The algorithm takes the unlabeled dataset as input, divides the dataset into k-
number of clusters, and repeats the process until it does not find the best
clusters. The value of k should be predetermined in this algorithm.
The k-means clustering algorithm mainly performs two tasks:
o Determines the best value for K center points or centroids by an iterative
process.
o Assigns each data point to its closest k-center. Those data points which are
near to the particular k-center, create a cluster.
Hence each cluster has datapoints with some commonalities, and it is away from
other clusters.
The below diagram explains the working of the K-means Clustering Algorithm:
What is Feature Engineering?
Feature engineering is the pre-processing step of machine learning, which extracts
features from raw data. It helps to represent an underlying problem to predictive models in
a better way, which as a result, improve the accuracy of the model for unseen data. The
predictive model contains predictor variables and an outcome variable, and while the
feature engineering process selects the most useful predictor variables for the model.
Since 2016, automated feature engineering is also used in different machine learning
software that helps in automatically extracting features from raw data. Feature engineering
in ML contains mainly four processes: Feature Creation, Transformations, Feature
Extraction, and Feature Selection.
These processes are described as below:
1. Feature Creation: Feature creation is finding the most useful variables to be used in a
predictive model. The process is subjective, and it requires human creativity and
intervention.

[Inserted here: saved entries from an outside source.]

(** A 2OIA.  Detector positions are stored in half-units:
    (dj0, dk0) stands for the grid point (dj0/2, dk0/2). *)
Record OIA := {
  Q : Type;
  Q_finite : exists l : list Q, forall q, In q l;
  q0 : Q;
  is_acc : Q -> bool;
  is_rej : Q -> bool;
  acc_rej_disjoint : forall q, ~ (is_acc q = true /\ is_rej q = true);
  delta : Q -> tsym -> bool -> Q * hmove * dmove * action;
  lambda : R;
  lambda_pos : 0 < lambda;
  amp : R;
  amp_pos : 0 < amp;
  dj0 : nat;
  dk0 : nat;
  kcrash : nat           (* the constant k of the non-transient toggle rule *)
}.

Section Semantics.
Variable M : OIA.

(** Configurations.  [crun m] is the length of the current (still open) run
    of consecutive toggles of source m (0 if none), [ccnt m] the number of
    completed non-transient (odd-length) toggle runs on source m, and
    [ctime] the number of head moves plus detector moves made so far. *)
Record config := {
  cst : Q M;
  chead : nat;
  cdj : nat;
  cdk : nat;
  csrc : nat -> src;
  crun : nat -> nat;
  ccnt : nat -> nat;
  ctime : nat
}.

Variable w : list sym.
Definition N : nat := length w.

(** Tape contents: cent w_1 ... w_N dollar, in cells 0 .. N+1. *)
Definition tape (i : nat) : tsym :=
  match i with
  | O => Cent
  | S i' => if (i' <? N)%nat then Sym (nth i' w SA) else Dollar
  end.

(** Grid: both coordinates in {0, 1/2, ..., N+1}, i.e. half-units <= 2(N+1). *)
Definition in_grid (dj dk : nat) : bool :=
  ((dj <=? 2 * (N + 1)) && (dk <=? 2 * (N + 1)))%nat.

(** Source m is seen by the detector at (dj/2, dk/2) iff |m - dj/2| <= dk/2. *)
Definition visible (dj dk m : nat) : bool :=
  ((2 * m <=? dj + dk) && (dj <=? 2 * m + dk))%nat.

Definition src_on (s : src) : bool := match s with Off => false | _ => true end.
Definition src_sign (s : src) : R := match s with OnPi => -1 | _ => 1 end.

Definition dist (dj dk m : nat) : R :=
  sqrt (((INR (2 * m) - INR dj) / 2) ^ 2 + (INR dk / 2) ^ 2).

(** Contributions A0 r^-1 e^{i(phi + 2 pi r / lambda)}, with e^{i pi} = -1. *)
Definition contrib_re (c : config) (m : nat) : R :=
  if visible (cdj c) (cdk c) m && src_on (csrc c m) then
    src_sign (csrc c m) * amp M / dist (cdj c) (cdk c) m *
      cos (2 * PI * dist (cdj c) (cdk c) m / lambda M)
  else 0.
Definition contrib_im (c : config) (m : nat) : R :=
  if visible (cdj c) (cdk c) m && src_on (csrc c m) then
    src_sign (csrc c m) * amp M / dist (cdj c) (cdk c) m *
      sin (2 * PI * dist (cdj c) (cdk c) m / lambda M)
  else 0.

Definition sources : list nat := seq 0 (N + 2).

Definition resultant_re (c : config) : R :=
  fold_right Rplus 0 (map (contrib_re c) sources).
Definition resultant_im (c : config) : R :=
  fold_right Rplus 0 (map (contrib_im c) sources).

(** The resultant wave is nonzero.  A switched-on visible source located
    exactly at the detector (distance 0, infinite amplitude) counts as a
    nonzero signal. *)
Definition resultant_nonzero (c : config) : Prop :=
  (exists m, In m sources /\ visible (cdj c) (cdk c) m = true /\
             src_on (csrc c m) = true /\ dist (cdj c) (cdk c) m = 0)
  \/ resultant_re c <> 0 \/ resultant_im c <> 0.

(** Detector output b (true = 1, false = 0). *)
Definition output (c : config) (b : bool) : Prop :=
  b = true <-> resultant_nonzero c.

Definition halting (c : config) : bool := is_acc M (cst c) || is_rej M (cst c).

Inductive step_result := Next (c : config) | Crash.

Definition toggle (phi : src) (s : src) : src :=
  match s with Off => phi | _ => Off end.

Definition move_head (h : nat) (d : hmove) : option nat :=
  match d with
  | HLeft => match h with O => None | S h' => Some h' end
  | HRight => if (h <? N + 1)%nat then Some (S h) else None
  | HStay => Some h
  end.

Definition move_det (dj dk : nat) (d : dmove) : option (nat * nat) :=
  let r := match d with
    | DLeft => match dj with O => None | S j => Some (j, dk) end
    | DRight => Some (S dj, dk)
    | DUp => Some (dj, S dk)
    | DDown => match dk with O => None | S k => Some (dj, k) end
    | DStay => Some (dj, dk)
    end in
  match r with
  | Some (j, k) => if in_grid j k then Some (j, k) else None
  | None => None
  end.

Definition hcost (d : hmove) : nat := match d with HStay => 0 | _ => 1 end.
Definition dcost (d : dmove) : nat := match d with DStay => 0 | _ => 1 end.

(** The action acts on the
    source of the currently scanned cell.  A run of consecutive toggles of a
    source ends at the first step in which that source is not toggled; if it
    had odd length it is a completed non-transient sequence.  The machine
    crashes when some source completes its (kcrash+1)-th non-transient
    sequence, or when the head leaves the tape or the detector leaves the
    grid. *)
Definition step (c : config) (b : bool) : step_result :=
  match delta M (cst c) (tape (chead c)) b with
  | (q', hm, dm, a) =>
    let h := chead c in
    let tog m := match a with NoAction => false | _ => Nat.eqb m h end in
    let src' m := if tog m then
                    match a with Toggle0 => toggle On0 (csrc c m)
                               | _ => toggle OnPi (csrc c m) end
                  else csrc c m in
    let run' m := if tog m then S (crun c m) else O in
    let cnt' m := if tog m then ccnt c m
                  else (ccnt c m + (if Nat.odd (crun c m) then 1 else 0))%nat in
    if existsb (fun m => kcrash M <? cnt' m)%nat sources then Crash else
    match move_head h hm, move_det (cdj c) (cdk c) dm with
    | Some h', Some (j', k') =>
        Next {| cst := q'; chead := h'; cdj := j'; cdk := k';
                csrc := src'; crun := run'; ccnt := cnt';
                ctime := (ctime c + hcost hm + dcost dm)%nat |}
    | _, _ => Crash
    end
  end.

(** At halting every open run is maximal, hence completed. *)
Definition final_ok (c : config) : bool :=
  negb (existsb (fun m => kcrash M <?
          ccnt c m + (if Nat.odd (crun c m) then 1 else 0))%nat sources).

(** Accepting and rejecting states are halting; the machine accepts iff it
    halts in an accepting state with detector output 0 (and does not crash). *)
Inductive halts_from : config -> bool -> nat -> Prop :=
| HaltStop : forall c b, halting c = true -> output c b ->
    halts_from c (is_acc M (cst c) && final_ok c && negb b) (ctime c)
| HaltStep : forall c b c' r t, halting c = false -> output c b ->
    step c b = Next c' -> halts_from c' r t -> halts_from c r t
| HaltCrash : forall c b, halting c = false -> output c b ->
    step c b = Crash -> halts_from c false (ctime c).

Definition init : config :=
  {| cst := q0 M; chead := 0; cdj := dj0 M; cdk := dk0 M;
     csrc := fun _ => Off; crun := fun _ => O; ccnt := fun _ => O;
     ctime := 0 |}.

(** If the prescribed initial detector position is outside the grid of this
    input, the machine crashes at once (time 0). *)
Definition accepts : Prop :=
  in_grid (dj0 M) (dk0 M) = true /\ exists t, halts_from init true t.

Definition rejects : Prop :=
  in_grid (dj0 M) (dk0 M) = false \/ exists t, halts_from init false t.

Definition halts_within (T : nat) : Prop :=
  in_grid (dj0 M) (dk0 M) = false \/
  exists r t, halts_from init r t /\ (t <= T)%nat.

End Semantics.

Definition recognizes (M : OIA) (L : list sym -> Prop) : Prop :=
  forall w, (L w -> accepts M w) /\ (~ L w -> rejects M w).

Definition Lexp (w : list sym) : Prop :=
  exists n : nat, w = repeat SA n ++ repeat SB (2 ^ n).

From Pilot Require Import Defs.
From Stdlib Require Import Reals List Arith Lia Bool.
Import ListNotations.
Local Open Scope nat_scope.

(* The detector is kept on the ground (height 0), where it sees exactly the source
   at its own abscissa.  Standing under the head it reads the source of the scanned
   cell as a one-bit mark, and since its steps are half cells it can also trail the
   head at half speed.

   The a-block counts n rounds.  Round j starts with one marker lit at distance
   L = 2^j beyond the last a.  The head leaves the a-block at full speed with the
   detector following at half speed, so when the detector sees the marker the head
   is at distance 2L; a new marker is lit there, the detector catches up with it,
   and on the way back the old marker is switched off and the cells in between are
   checked to be b's.  After n rounds the input is accepted iff the marker stands
   on the end marker $ and no b-cell is lit.  Every source is toggled at most
   twice, so the machine never crashes on a valid run, and round j takes
   O(n + 2^j) moves, O(2^n) in all. *)

Section GroundedDetector.
Variable M : OIA.
Variable w : list sym.

Definition ground_output (lit : nat -> bool) (dj : nat) : bool :=
  if Nat.even dj then lit (Nat.div2 dj) else false.

Lemma ground_output_even lit i : ground_output lit (2 * i) = lit i.
Proof. unfold ground_output; rewrite Nat.even_mul, Nat.div2_double; reflexivity. Qed.

Lemma ground_output_odd lit i : ground_output lit (S (2 * i)) = false.
Proof. unfold ground_output; rewrite Nat.even_succ, Nat.odd_mul; reflexivity. Qed.

Lemma ground_output_dark lit dj :
  (forall p, dj = 2 * p -> lit p = false) -> ground_output lit dj = false.
Proof.
  unfold ground_output; intros Hdark; destruct (Nat.even dj) eqn:E; [|reflexivity].
  apply Nat.even_spec in E as [p ->]; rewrite Nat.div2_double; auto.
Qed.

(* [budget m] bounds the toggles source [m] will still receive, which keeps the
   crash rule from firing. *)
Record grounded (c : config M) (q : Q M) (h dj : nat) (lit : nat -> bool)
    (budget : nat -> nat) (t : nat) : Prop := {
  grounded_state : cst M c = q;
  grounded_head : chead M c = h;
  grounded_dj : cdj M c = dj;
  grounded_dk : cdk M c = 0;
  grounded_dj_le : dj <= 2 * (Defs.N w + 1);
  grounded_lit : forall m, src_on (csrc M c m) = lit m;
  grounded_budget : forall m, ccnt M c m + crun M c m + budget m <= kcrash M;
  grounded_time : ctime M c = t }.

Lemma visible_ground dj m : visible dj 0 m = (dj =? 2 * m).
Proof.
  unfold visible; rewrite !Nat.add_0_r.
  destruct (Nat.leb_spec (2 * m) dj), (Nat.leb_spec dj (2 * m)), (Nat.eqb_spec dj (2 * m));
    simpl; reflexivity || lia.
Qed.

Lemma fold_Rplus_map_zero (g : nat -> R) l :
  (forall m, g m = 0%R) -> fold_right Rplus 0%R (map g l) = 0%R.
Proof. intros Hg; induction l as [|m l IH]; simpl; [|rewrite Hg, IH]; ring. Qed.

Lemma resultant_dark c :
  (forall m, visible (cdj M c) (cdk M c) m && src_on (csrc M c m) = false) ->
  ~ resultant_nonzero M w c.
Proof.
  intros Hdark [(m & _ & Hv & Hon & _) | [Hre | Him]].
  - specialize (Hdark m); rewrite Hv, Hon in Hdark; discriminate.
  - apply Hre, fold_Rplus_map_zero; intros m; unfold contrib_re; rewrite Hdark; reflexivity.
  - apply Him, fold_Rplus_map_zero; intros m; unfold contrib_im; rewrite Hdark; reflexivity.
Qed.

(* A lit source right beneath the detector is at distance 0: a nonzero signal. *)
Lemma output_grounded c q h dj lit f t :
  grounded c q h dj lit f t -> output M w c (ground_output lit dj).
Proof.
  intros [_ _ Hdj Hdk Hle Hlit _ _].
  assert (Hvis : forall m, visible (cdj M c) (cdk M c) m = (dj =? 2 * m))
    by (intros m; rewrite Hdj, Hdk; apply visible_ground).
  unfold output, ground_output.
  destruct (Nat.even dj) eqn:Heven.
  - apply Nat.even_spec in Heven as [k ->]; rewrite Nat.div2_double.
    split.
    + intros Hk; left; exists k; repeat split.
      * apply in_seq; lia.
      * rewrite Hvis; apply Nat.eqb_refl.
      * rewrite Hlit; exact Hk.
      * rewrite Hdj, Hdk; unfold Defs.dist.
        replace (INR (2 * k) - INR (2 * k))%R with 0%R by ring.
        replace ((0 / 2) ^ 2 + (INR 0 / 2) ^ 2)%R with 0%R by (simpl; field).
        apply sqrt_0.
    + destruct (lit k) eqn:Hk; [reflexivity|].
      intros Hsignal; exfalso; revert Hsignal; apply resultant_dark.
      intros m; rewrite Hvis, Hlit.
      destruct (Nat.eqb_spec (2 * k) (2 * m)) as [E|]; [|reflexivity].
      replace m with k by lia; rewrite Hk; apply andb_false_r.
  - split; [discriminate|].
    intros Hsignal; exfalso; revert Hsignal; apply resultant_dark.
    intros m; rewrite Hvis.
    destruct (Nat.eqb_spec dj (2 * m)) as [->|]; [|reflexivity].
    rewrite Nat.even_mul in Heven; discriminate.
Qed.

The new features are created by mixing existing features using addition,
subtraction, and ration, and these new features have great flexibility.
2. Transformations: The transformation step of feature engineering involves adjusting the

predictor variable to improve the accuracy and performance of the model. For example,
it ensures that the model is flexible to take input of the variety of data; it ensures that
all the variables are on the same scale, making the model easier to understand. It
improves the model's accuracy and ensures that all the features are within the
acceptable range to avoid any computational error.
3. Feature Extraction: Feature extraction is an automated feature engineering process

that generates new variables by extracting them from the raw data. The main aim of
this step is to reduce the volume of data so that it can be easily used and managed for
data modelling. Feature extraction methods include cluster analysis, text analytics,
edge detection algorithms, and principal components analysis (PCA).
4. Feature Selection: While developing the machine learning model, only a few variables
in the dataset are useful for building the model, and the rest features are either
redundant or irrelevant. If we input the dataset with all these redundant and irrelevant
features, it may negatively impact and reduce the overall performance and accuracy of
the model. Hence it is very important to identify and select the most appropriate
features from the data and remove the irrelevant or less important features, which is
done with the help of feature selection in machine learning. "Feature selection is a way
of selecting the subset of the most relevant features from the original features set by
removing the redundant, irrelevant, or noisy features."
Principal Component Analysis
Principal Component Analysis is an unsupervised learning algorithm that is used for the
dimensionality reduction in machine learning. It is a statistical process that converts the
observations of correlated features into a set of linearly uncorrelated features with the help
of orthogonal transformation. These new transformed features are called the Principal
Components. It is one of the popular tools that is used for exploratory data analysis and
predictive modeling. It is a technique to draw strong patterns from the given dataset by
reducing the variances.
PCA generally tries to find the lower-dimensional surface to project the high-dimensional
data.
PCA works by considering the variance of each attribute because the high attribute shows
the good split between the classes, and hence it reduces the dimensionality. Some real-
world applications of PCA are image processing, movie recommendation system,
optimizing the power allocation in various communication channels. It is a feature
extraction technique, so it contains the important variables and drops the least important
variable.
The PCA algorithm is based on some mathematical concepts such as:
o Variance and Covariance
o Eigenvalues and Eigen factors
Some common terms used in PCA algorithm:
o Dimensionality: It is the number of features or variables present in the given dataset.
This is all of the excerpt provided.